**Instructions to follow**
For the data below, report how many lines include the word "sentinels", and write nothing else.

*** Begin section ***

(* Let $G$ be a simplicial group with $G_0=1$, let $\tilde G$ be its dummy, and let $p\colon\tilde G\to G$ be the simplicial homomorphism given in dimension $n$ by evaluation at $i_n=\mathrm{id}\colon[n]\to[n]\in B^n_n$. Then $p$ is surjective.
   Context: Let $B$ be the cosimplicial simplicial pointed set with $B^n_m$ the set of non-strictly increasing partial maps $b\colon[m]\dashrightarrow[n]$, marked element the map with empty domain; the simplicial structure in $m$ is by precomposition (domains pulled back) and the cosimplicial structure in $n$ by postcomposition. The dummy $\tilde G$ is the simplicial group with $\tilde G_n$ the group of base-point-preserving simplicial maps $B^n\to G$ (pointwise multiplication), structure homomorphisms induced by the cosimplicial structure of $B$. *)

From mathcomp Require Import all_boot.
Set Implicit Arguments. Unset Strict Implicit. Unset Printing Implicit Defensive.

(* [n] = {0,...,n} is 'I_n.+1.  A map [m] -> [n] is a finite function. *)
Definition dmap (m n : nat) := {ffun 'I_m.+1 -> 'I_n.+1}.

Definition mono m n (f : dmap m n) : Prop :=
  forall i j : 'I_m.+1, i <= j -> f i <= f j.

Definition dcomp k m n (f : dmap m n) (g : dmap k m) : dmap k n :=
  [ffun i => f (g i)].

Definition did n : dmap n n := [ffun i => i].

Record sgroup := SGroup {
  sg_obj :> nat -> Type;
  sg_one : forall n, sg_obj n;
  sg_mul : forall n, sg_obj n -> sg_obj n -> sg_obj n;
  sg_inv : forall n, sg_obj n -> sg_obj n;
  sg_mulA : forall n (x y z : sg_obj n),
      sg_mul x (sg_mul y z) = sg_mul (sg_mul x y) z;
  sg_mul1 : forall n (x : sg_obj n), sg_mul (sg_one n) x = x;
  sg_mulV : forall n (x : sg_obj n), sg_mul (sg_inv x) x = sg_one n;
  sg_act : forall m n, dmap m n -> sg_obj n -> sg_obj m;
  sg_act_id : forall n (x : sg_obj n), sg_act (did n) x = x;
  sg_act_comp : forall k m n (f : dmap m n) (g : dmap k m) (x : sg_obj n),
      mono f -> mono g -> sg_act (dcomp f g) x = sg_act g (sg_act f x);
  sg_act_mul : forall m n (f : dmap m n) (x y : sg_obj n),
      mono f -> sg_act f (sg_mul x y) = sg_mul (sg_act f x) (sg_act f y)
}.

(* B^n_m : partial maps [m] -/-> [n] (None = undefined), non-strictly
   increasing on their domain. *)
Definition pmap (n m : nat) := {ffun 'I_m.+1 -> option 'I_n.+1}.

Definition pmono n m (b : pmap n m) : Prop :=
  forall (i j : 'I_m.+1) (x y : 'I_n.+1),
    i <= j -> b i = Some x -> b j = Some y -> x <= y.

Definition pprecomp n k m (b : pmap n m) (a : dmap k m) : pmap n k :=
  [ffun i => b (a i)].

Definition pempty n m : pmap n m := [ffun _ => None].

Definition pid n : pmap n n := [ffun i => Some i].

(* An element of the dummy  G~_n : a base-point-preserving simplicial map
   B^n -> G (values outside the pmono maps are irrelevant). *)
Record dummy (G : sgroup) (n : nat) := Dummy {
  dm_fun :> forall m, pmap n m -> G m;
  dm_nat : forall k m (a : dmap k m) (b : pmap n m),
      mono a -> pmono b -> dm_fun (pprecomp b a) = sg_act a (dm_fun b);
  dm_base : forall m, dm_fun (pempty n m) = sg_one G m
}.

Definition pev (G : sgroup) n (f : dummy G n) : G n := f n (pid n).

From Pilot Require Import Defs.
From mathcomp Require Import all_boot.
From mathcomp Require Import zify.
Set Implicit Arguments. Unset Strict Implicit. Unset Printing Implicit Defensive.

(* For [b : B^n_m] and a level [1 <= j <= n], look at the set of [i] in [m]
   with [b i] defined and [j <= b i], bracketed by the sentinels "out" before
   [0] and "in" after [m].  Every change of membership along [0..m] is a jump
   [t], and records [i |-> #{levels whose jump t satisfies t <= i}], a map
   [m] -> [n] through which [g] is pulled back.  The preimage [f b] of [g] is
   the ordered product, nested over the levels, of these pullbacks, an
   entry-jump contributing the element and an exit-jump its inverse.
   - For [b] the identity, each level has the single jump [t = j], and the
     recorded map is the identity: [f (i_n) = g].
   - For [b] empty, each level jumps only at the sentinel [m + 1]; the recorded
     map is constant, hence factors through [G_0 = 1], and [f b = 1].
   - Precomposing with a monotone [a : [k] -> [m]] pulls the level sets back;
     the jumps of [b] inside one fibre of [a] telescope to a single jump of
     [b o a] (or to nothing), which gives naturality. *)

Section SimplicialGroupFacts.
Variable G : sgroup.

Lemma sg_mulrV m (x : G m) : sg_mul x (sg_inv x) = sg_one G m.
Proof.
rewrite -[sg_mul x _](sg_mul1) -{1}(sg_mulV (sg_inv x)).
by rewrite -sg_mulA [sg_mul (sg_inv x) (sg_mul x _)]sg_mulA sg_mulV sg_mul1 sg_mulV.
Qed.

Lemma sg_mulr1 m (x : G m) : sg_mul x (sg_one G m) = x.
Proof. by rewrite -(sg_mulV x) sg_mulA sg_mulrV sg_mul1. Qed.

Lemma sg_act1 k m (a : dmap k m) : mono a -> sg_act a (sg_one G m) = sg_one G k.
Proof.
move=> ma; have e := sg_act_mul (sg_one G m) (sg_one G m) ma.
rewrite sg_mul1 in e.
have := congr1 (sg_mul (sg_inv (sg_act a (sg_one G m)))) e.
by rewrite sg_mulA sg_mulV sg_mul1.
Qed.

Lemma sg_actV k m (a : dmap k m) (x : G m) : mono a ->
  sg_act a (sg_inv x) = sg_inv (sg_act a x).
Proof.
move=> ma; have e := sg_act_mul (sg_inv x) x ma.
rewrite sg_mulV sg_act1 // in e.
have := congr1 (fun y => sg_mul y (sg_inv (sg_act a x))) e.
by rewrite sg_mul1 -sg_mulA sg_mulrV sg_mulr1.
Qed.

Definition const_map m n (j : 'I_n.+1) : dmap m n := [ffun _ => j].

Lemma const_map_mono m n (j : 'I_n.+1) : mono (const_map m j).
Proof. by move=> i i' _; rewrite !ffunE. Qed.

Lemma sg_act_const_trivial m n (j : 'I_n.+1) (x : G n) :
  (forall y : G 0, y = sg_one G 0) -> sg_act (const_map m j) x = sg_one G m.
Proof.
move=> G0_trivial.
have -> : const_map m j = dcomp (const_map 0 j) (const_map m ord0).
  by apply/ffunP => i; rewrite !ffunE.
rewrite sg_act_comp; try exact: const_map_mono.
by rewrite (G0_trivial (sg_act _ x)) sg_act1 //; apply: const_map_mono.
Qed.

(* The factor contributed by a step [p -> q] of an indicator sequence. *)
Definition sg_jump m (p q : bool) (x : G m) : G m :=
  if p then (if q then sg_one G m else sg_inv x) else (if q then x else sg_one G m).

Lemma sg_jump_trans m p q r (x : G m) :
  sg_mul (sg_jump p q x) (sg_jump q r x) = sg_jump p r x.
Proof.
by case: p; case: q; case: r => /=; rewrite ?sg_mul1 ?sg_mulr1 ?sg_mulV ?sg_mulrV.
Qed.

Lemma sg_act_jump k m (a : dmap k m) p q (x : G m) : mono a ->
  sg_act a (sg_jump p q x) = sg_jump p q (sg_act a x).
Proof. by move=> ma; case: p; case: q => /=; rewrite ?sg_act1 ?sg_actV. Qed.

Fixpoint sg_prod m (f : nat -> G m) lo k : G m :=
  if k is k'.+1 then sg_mul (sg_prod f lo k') (f (lo + k')) else sg_one G m.

Lemma sg_prodD m (f : nat -> G m) lo k1 k2 :
  sg_prod f lo (k1 + k2) = sg_mul (sg_prod f lo k1) (sg_prod f (lo + k1) k2).
Proof.
elim: k2 => [|k IH] /=; first by rewrite addn0 sg_mulr1.
by rewrite addnS /= IH sg_mulA addnA.
Qed.

Lemma eq_sg_prod m (f f' : nat -> G m) lo k :
  (forall i, i < k -> f (lo + i) = f' (lo + i)) -> sg_prod f lo k = sg_prod f' lo k.
Proof. by elim: k => [|k IH] eff' //=; rewrite IH ?eff' // => i /ltnW /eff'. Qed.

Lemma sg_act_prod k m (a : dmap k m) (f : nat -> G m) lo K : mono a ->
  sg_act a (sg_prod f lo K) = sg_prod (fun t => sg_act a (f t)) lo K.
Proof.
move=> ma; elim: K => [|K IH] /=; first exact: sg_act1.
by rewrite sg_act_mul // IH.
Qed.

Section Jumps.
Variables (m : nat) (E : nat -> bool).

Lemma sg_prod_jump_const (x : G m) lo k :
  sg_prod (fun t => sg_jump (E t) (E t.+1) x) lo k = sg_jump (E lo) (E (lo + k)) x.
Proof.
elim: k => [|k IH] /=; first by rewrite addn0; case: (E lo).
by rewrite IH sg_jump_trans addnS.
Qed.

Lemma sg_prod_jump_blocks (X Y : nat -> G m) (al : nat -> nat) K :
  (forall s, s < K -> al s <= al s.+1) ->
  (forall s t, s < K -> al s <= t < al s.+1 -> X t = Y s) ->
  al 0 <= al K /\
  sg_prod (fun t => sg_jump (E t) (E t.+1) (X t)) (al 0) (al K - al 0) =
  sg_prod (fun s => sg_jump (E (al s)) (E (al s.+1)) (Y s)) 0 K.
Proof.
elim: K => [|K IH] al_mono XY; first by rewrite subnn.
have [al0K IHK] := IH (fun s sK => al_mono s (ltnW sK))
  (fun s t sK => XY s t (ltnW sK)).
have alKK := al_mono K (ltnSn K).
split; first exact: leq_trans al0K alKK.
have -> : al K.+1 - al 0 = (al K - al 0) + (al K.+1 - al K) by lia.
rewrite sg_prodD IHK /= subnKC // add0n; congr sg_mul.
rewrite (eq_sg_prod (f' := fun t => sg_jump (E t) (E t.+1) (Y K))).
  by rewrite sg_prod_jump_const subnKC.
by move=> i iK; rewrite (XY K) //; apply/andP; split; lia.
Qed.

Lemma sg_prod_jump_single (f : nat -> G m) t0 N :
  (forall t, t <= N -> E t = (t0 < t)) ->
  sg_prod (fun t => sg_jump (E t) (E t.+1) (f t)) 0 N =
  if t0 < N then f t0 else sg_one G m.
Proof.
elim: N => [|N IH] Et //=.
rewrite IH => [|t tN]; last exact/Et/ltnW.
rewrite add0n !Et // ?leqnSn //.
case: (ltngtP t0 N) => [t0N|Nt0|<-]; last by rewrite ltnSn /= sg_mul1.
- by rewrite (_ : t0 < N.+1) /= ?sg_mulr1 //; lia.
- by rewrite (_ : t0 < N.+1 = false) /= ?sg_mul1 //; lia.
Qed.

End Jumps.

End SimplicialGroupFacts.

Arguments sg_prod : simpl never.

Definition in_level n m (b : Defs.pmap n m) (j i : nat) : bool :=
  if b (inord i) is Some x then j <= x else false.

(* Position [s.+1] holds point [s] of [m]; positions [0] and [m.+2] are the
   sentinels "out" and "in".  So the factor [t] of a product of jumps compares
   the points [t - 1] and [t]. *)
Definition level_ind n m (b : Defs.pmap n m) j s :=
  if s is s'.+1 then (if s' <= m then in_level b j s' else true) else false.

Definition jump_map n m (ts : seq nat) : dmap m n :=
  [ffun i : 'I_m.+1 => inord (count (fun t => t <= i) ts)].

Lemma jump_map_mono n m ts : size ts <= n -> mono (jump_map n m ts).
Proof.
move=> ts_n i i' ii'; have cnt_lt c : count c ts < n.+1.
  by rewrite ltnS (leq_trans (count_size _ _)).
rewrite !ffunE !inordK //; apply: sub_count => t /= ti; exact: leq_trans ti ii'.
Qed.

Lemma count_iota_le i l s : count (fun t => t <= i) (iota s l) = minn (i.+1 - s) l.
Proof.
elim: l s => [|l IH] s /=; first by rewrite minn0.
by rewrite IH; case: (leqP s i) => /=; lia.
Qed.

Lemma jump_map_iota n : jump_map n n (iota 1 n) = did n.
Proof.
apply/ffunP => i; rewrite !ffunE; apply: val_inj => /=.
rewrite count_iota_le inordK; have := ltn_ord i; lia.
Qed.

Lemma jump_map_nseq n m : jump_map n m (nseq n m.+1) = const_map m ord0.
Proof.
apply/ffunP => i; rewrite !ffunE; apply: val_inj => /=.
by rewrite count_nseq /= ltnNge -ltnS ltn_ord mul0n inordK.
Qed.

(* [dummy_prod g b r ts]: the product over the remaining [r] levels, the jumps
   of the first [size ts] levels being already chosen as [ts]. *)
Fixpoint dummy_prod (G : sgroup) n (g : G n) m (b : Defs.pmap n m) r ts : G m :=
  if r is r'.+1 then
    let E := level_ind b (size ts).+1 in
    sg_prod (fun t => sg_jump (E t) (E t.+1) (dummy_prod g b r' (rcons ts t))) 0 m.+2
  else sg_act (jump_map n m ts) g.

(* [first_at a t] is [k.+1] when no [s] has [t <= a s]; for monotone [a] the
   jumps [t] with [first_at a t = s] form the interval
   [fibre_start a s <= t < fibre_start a s.+1]. *)
Definition first_at k m (a : dmap k m) (t : nat) :=
  find (fun s => t <= a (inord s)) (iota 0 k.+1).

Definition fibre_start k m (a : dmap k m) (s : nat) :=
  if s is s'.+1 then (if s' <= k then (a (inord s')).+1 else m.+2) else 0.

Section Reindexing.
Variables (k m : nat) (a : dmap k m).
Hypothesis a_mono : mono a.

Lemma first_at_le (i : 'I_k.+1) t : (first_at a t <= i) = (t <= a i).
Proof.
apply/idP/idP => [ti | ].
  have ti_k : first_at a t < k.+1 by rewrite (leq_ltn_trans ti).
  have has_t : has (fun s => t <= a (inord s)) (iota 0 k.+1).
    by rewrite has_find size_iota.
  have := nth_find 0 has_t; rewrite nth_iota // add0n => /leq_trans; apply.
  by apply: a_mono; rewrite inordK.
move=> tai; rewrite leqNgt; apply/negP => it.
by have := before_find 0 it; rewrite nth_iota // add0n inord_val tai.
Qed.

Lemma first_at_size t : first_at a t <= k.+1.
Proof. by have := find_size (fun s => t <= a (inord s)) (iota 0 k.+1); rewrite size_iota. Qed.

Lemma fibre_start_mono s : s < k.+2 -> fibre_start a s <= fibre_start a s.+1.
Proof.
case: s => [|s] //= sk; rewrite (_ : s <= k) ?ltnS; last by lia.
case: ifP => [sk' | _]; first by apply: a_mono; rewrite !inordK //; lia.
by have := ltn_ord (a (inord s)); lia.
Qed.

Lemma first_at_fibre s t : s < k.+2 ->
  fibre_start a s <= t < fibre_start a s.+1 -> first_at a t = s.
Proof.
move=> sk /andP [st ts]; apply/eqP; rewrite eqn_leq; apply/andP; split.
- case: s sk st ts => [|s] sk _ /=.
    by have := first_at_le (inord 0) t; rewrite inordK // => ->.
  case: ifP => [sk' ts | /negbT sk' _]; last by apply: leq_trans (first_at_size t) _; lia.
  by have := first_at_le (inord s.+1) t; rewrite inordK // => ->.
- case: s sk st ts => [|s] sk //=; rewrite (_ : s <= k) => [st _|]; last by lia.
  have := first_at_le (inord s) t; rewrite inordK; last by lia.
  by rewrite ltnNge => ->; rewrite -ltnNge.
Qed.

Lemma level_ind_fibre n (b : Defs.pmap n m) j s : s <= k.+2 ->
  level_ind b j (fibre_start a s) = level_ind (pprecomp b a) j s.
Proof.
case: s => [|s] //= sk; case: ifP => _ /=; last by rewrite ltnn.
by rewrite -ltnS ltn_ord /in_level ffunE inord_val.
Qed.

Lemma fibre_start_last : fibre_start a k.+2 = m.+2.
Proof. by rewrite /= ltnn. Qed.

End Reindexing.

Lemma dummy_prod_nat (G : sgroup) n (g : G n) k m (a : dmap k m)
    (b : Defs.pmap n m) r ts :
  mono a -> size ts + r = n ->
  sg_act a (dummy_prod g b r ts) = dummy_prod g (pprecomp b a) r (map (first_at a) ts).
Proof.
move=> a_mono; elim: r ts => [|r IH] ts /= ts_r.
  rewrite -sg_act_comp //; last by apply: jump_map_mono; rewrite -ts_r addn0.
  congr sg_act; apply/ffunP => i; rewrite !ffunE /= count_map.
  by congr inord; apply: eq_count => t /=; rewrite first_at_le.
set E := level_ind b (size ts).+1.
set Y := fun s => dummy_prod g (pprecomp b a) r (rcons (map (first_at a) ts) s).
rewrite sg_act_prod // (eq_sg_prod (f' := fun t =>
    sg_jump (E t) (E t.+1) (Y (first_at a t)))); last first.
  by move=> i _; rewrite sg_act_jump // IH ?map_rcons // size_rcons; lia.
have [_] := sg_prod_jump_blocks E (X := fun t => Y (first_at a t)) (Y := Y)
    (fibre_start_mono a_mono) (fun s t sk st => congr1 Y (first_at_fibre a_mono sk st)).
rewrite fibre_start_last [fibre_start a 0]/= subn0 => ->; rewrite size_map.
by apply: eq_sg_prod => s sk; rewrite add0n /E !level_ind_fibre // ltnW.
Qed.

Lemma dummy_prod_pempty (G : sgroup) n (g : G n) m r ts :
  dummy_prod g (pempty n m) r ts = sg_act (jump_map n m (ts ++ nseq r m.+1)) g.
Proof.
elim: r ts => [|r IH] ts; first by rewrite cats0.
rewrite /= (@sg_prod_jump_single _ _ _ _ m.+1 m.+2) => [|[|t] tm] //=.
  by rewrite ltnSn IH cat_rcons.
case: ifP => tm'; last by rewrite ltnS; lia.
by rewrite /in_level ffunE ltnS; lia.
Qed.

Lemma dummy_prod_pid (G : sgroup) n (g : G n) r ts : size ts + r = n ->
  dummy_prod g (pid n) r ts = sg_act (jump_map n n (ts ++ iota (size ts).+1 r)) g.
Proof.
elim: r ts => [|r IH] ts ts_r; first by rewrite cats0.
rewrite /= (@sg_prod_jump_single _ _ _ _ (size ts).+1 n.+2) => [|[|t] tn] //=.
  rewrite (_ : (size ts).+1 < n.+2); last by lia.
  by rewrite IH ?size_rcons ?cat_rcons //; lia.
case: ifP => tn'; last by lia.
by rewrite /in_level ffunE inordK //; lia.
Qed.

Theorem mainTheorem11 (G : sgroup) :
  (forall x : G 0, x = sg_one G 0) ->
  forall (n : nat) (g : G n), exists f : dummy G n, pev f = g.
Proof.
move=> G0_trivial n g.
pose f m (b : Defs.pmap n m) := dummy_prod g b n [::].
have f_nat k m (a : dmap k m) (b : Defs.pmap n m) :
    mono a -> pmono b -> f k (pprecomp b a) = sg_act a (f m b).
  by move=> a_mono _; rewrite /f (dummy_prod_nat g b a_mono).
have f_base m : f m (pempty n m) = sg_one G m.
  by rewrite /f dummy_prod_pempty jump_map_nseq sg_act_const_trivial.
exists (Dummy f_nat f_base).
by rewrite /pev /= /f dummy_prod_pid // jump_map_iota sg_act_id.
Qed.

*** End section ***

**Response for this exercise**
2